Edit: ok actually when you open the page in static mode, it still gives you a glimpse of the private page instead of rendering nothing. But we progress.
Edit 2: almost there. For some reason router.query is an empty object when opening vns/debug/private?allowed=true from the browser directly
Edit 3: I think I got all cases right... client side, client side after ssr, client side after static export, static render, server render.

[eric-burel]

I'll make this a reusable page wrapper, I think that's doable to abstract everything into an HOC + a getInitialProps enhancer.

[jasonraimondi]

From what I can see, it seems like you do have all the cases covered:

• client side
• client side after ssr
• client side after static export
• static render
• server render.

It seems that adding the additional use cases in addition to my "server only" approach does add a lot of complexity. It would definitely be worth abstracting yours into a HOC and just wrapping any private page in that component.

This file would just need a bit of refactoring to be that HOC.

This is my more simple example of the HOC that lacks support for the use cases of client side, client side after static export, and static render

[eric-burel]

I've made it an HOC this morning, see withPrivateAccess here.

It still works for all scenarios.

I think the client-side render is still kinda clumsy and inelegant, I have hard time figuring out right pattern.

You might want to support:

• a synchronous check, but not run it during SSR. Maybe useLayoutEffect could be used here, to avoid a flash of blank screen?
  Example usage: checking if the user is logged in using only localStorage.
• an asynchronous check.
  Example usage: checking if the user is logged in using an HTTP query. Seems awfully heavy, is that even a real use case
• Apollo useQuery with a getCurrentUser query. So basically, it will return very fast if the data is in the cache, with no HTTP call, and otherwise it will run an HTTP call.

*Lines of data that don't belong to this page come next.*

Lemma error_representation (ut uh : U) (zt zh : V) :
  A uh zh = 0 -> A uh (zh - zt) = 0 ->
  A1 uh (uh - ut, zh) = J1 uh (uh - ut, tt) ->
  J uh - J ut = 2^-1 * rho A ut (zh - zt)
    + 2^-1 * rho_star J1 A1 ut zt (uh - ut) + rho A ut zt
    + remainder3 J3 A2 A3 ut zt (uh - ut) (zh - zt).
Proof.
move=> Azh Ae' Galerkin.
case: HA => _ dA dA1 dA2 _; case: HJ => dJ dJ1 dJ2 _.
set e := uh - ut; set e' := zh - zt.
pose x := fun s : R => ut + s *: e; pose y := fun s : R => zt + s *: e'.
have Ay w t : A w (y t) = t * A w e' + A w zt.
  by rewrite /y addrC C3_operator_linear.
have A1y w t : A1 w (e, y t) = t * A1 w (e, e') + A1 w (e, zt).
  by rewrite /y addrC C3_operator_linear1.
have A2y w t : A2 w (e, (e, y t)) = t * A2 w (e, (e, e')) + A2 w (e, (e, zt)).
  by rewrite /y addrC C3_operator_linear2.
pose f s := J (x s) - A (x s) (y s).
pose f1 s := J1 (x s) (e, tt) - A1 (x s) (e, y s) - A (x s) e'.
pose f2 s := J2 (x s) (e, (e, tt)) - A2 (x s) (e, (e, y s))
  - 2 * A1 (x s) (e, e').
pose f3 s := J3 (x s) (e, (e, (e, tt))) - A3 (x s) (e, (e, (e, y s)))
  - 3 * A2 (x s) (e, (e, e')).
have df (s : R) : is_derive s 1 f (f1 s).
  have := is_derive_ptB (frechet_line_derive ut e tt s dJ)
    (frechet_line_derive_affine ut e s dA Ay).
  by move/is_derive_eq; apply; rewrite /f1; ring.
have df1 (s : R) : is_derive s 1 f1 (f2 s).
  have := is_derive_ptB (is_derive_ptB (frechet_line_derive ut e (e, tt) s dJ1)
    (frechet_line_derive_affine ut e s dA1 A1y))
    (frechet_line_derive ut e e' s dA).
  by move/is_derive_eq; apply; rewrite /f2; ring.
have df2 (s : R) : is_derive s 1 f2 (f3 s).
  have := is_derive_ptB (is_derive_ptB
    (frechet_line_derive ut e (e, (e, tt)) s dJ2)
    (frechet_line_derive_affine ut e s dA2 A2y))
    (is_derive_ptZ 2 (frechet_line_derive ut e (e, e') s dA1)).
  by move/is_derive_eq; apply; rewrite /f3; ring.
have cf3 : continuous f3 := @remainder3_integrand_continuous ut e zt e'.
have -> : remainder3 J3 A2 A3 ut zt e e' =
    2^-1 * \int[@lebesgue_measure R]_(s in `[0%R, 1%R]) (f3 s * (s * (s - 1))).
  by [].
have := trapezoid_remainder df df1 df2 cf3.
have x0 : x 0 = ut by rewrite /x scale0r addr0.
have x1 : x 1 = uh by rewrite /x scale1r /e addrC subrK.
have y0 : y 0 = zt by rewrite /y scale0r addr0.
have y1 : y 1 = zh by rewrite /y scale1r /e' addrC subrK.
rewrite /f /f1 x0 x1 y0 y1 Azh Ae' -Galerkin /rho /rho_star.
lra.
Qed.

End ErrorRepresentation.

Lemma effectivity_bounds (R : realFieldType) (b eta d : R) :
  0 <= b < 1 -> `|d| <= b * `|eta + d| ->
  (1 + b)^-1 * `|eta| <= `|eta + d| <= (1 - b)^-1 * `|eta|.
Proof.
move=> /andP[b_ge0 b_lt1] d_small.
have eta_le : `|eta| <= `|eta + d| + `|d|.
  by have := ler_normB (eta + d) d; rewrite addrK.
have etad_le : `|eta + d| <= `|eta| + `|d| := ler_normD eta d.
apply/andP; split.
- by rewrite ler_pdivrMl ?ltr_wpDr //; lra.
- by rewrite ler_pdivlMl ?subr_gt0 //; lra.
Qed.

Lemma ler_norm_perturbed_sum (R : realFieldType) (a b r rh : R) :
  `|a + b + rh| <= `|a| + `|r - rh| + `|b| + `|r|.
Proof.
have := ler_normD (a + b) rh; have := ler_normD a b.
have := ler_normB r (r - rh); rewrite opprB addrC subrK.
lra.
Qed.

However I am not sure how I could use hooks with this HOC. In Apollo, the alternative is to get and call the client-side apollo client manually, without a hook, in the isAllowedClient method.

[eric-burel]

See #71

[eric-burel]

To sum it up, SSR, and thus dynamic server side redirections for private pages, leads to a lot of complexity.

Instead, we should consider pages as always public, and find another pattern to secure them dynamically (eg a reverse proxy or an upfront server). getServerSideProps/getInitialProps is the wrong place to do this, if you don't have at least another good reason to already use those.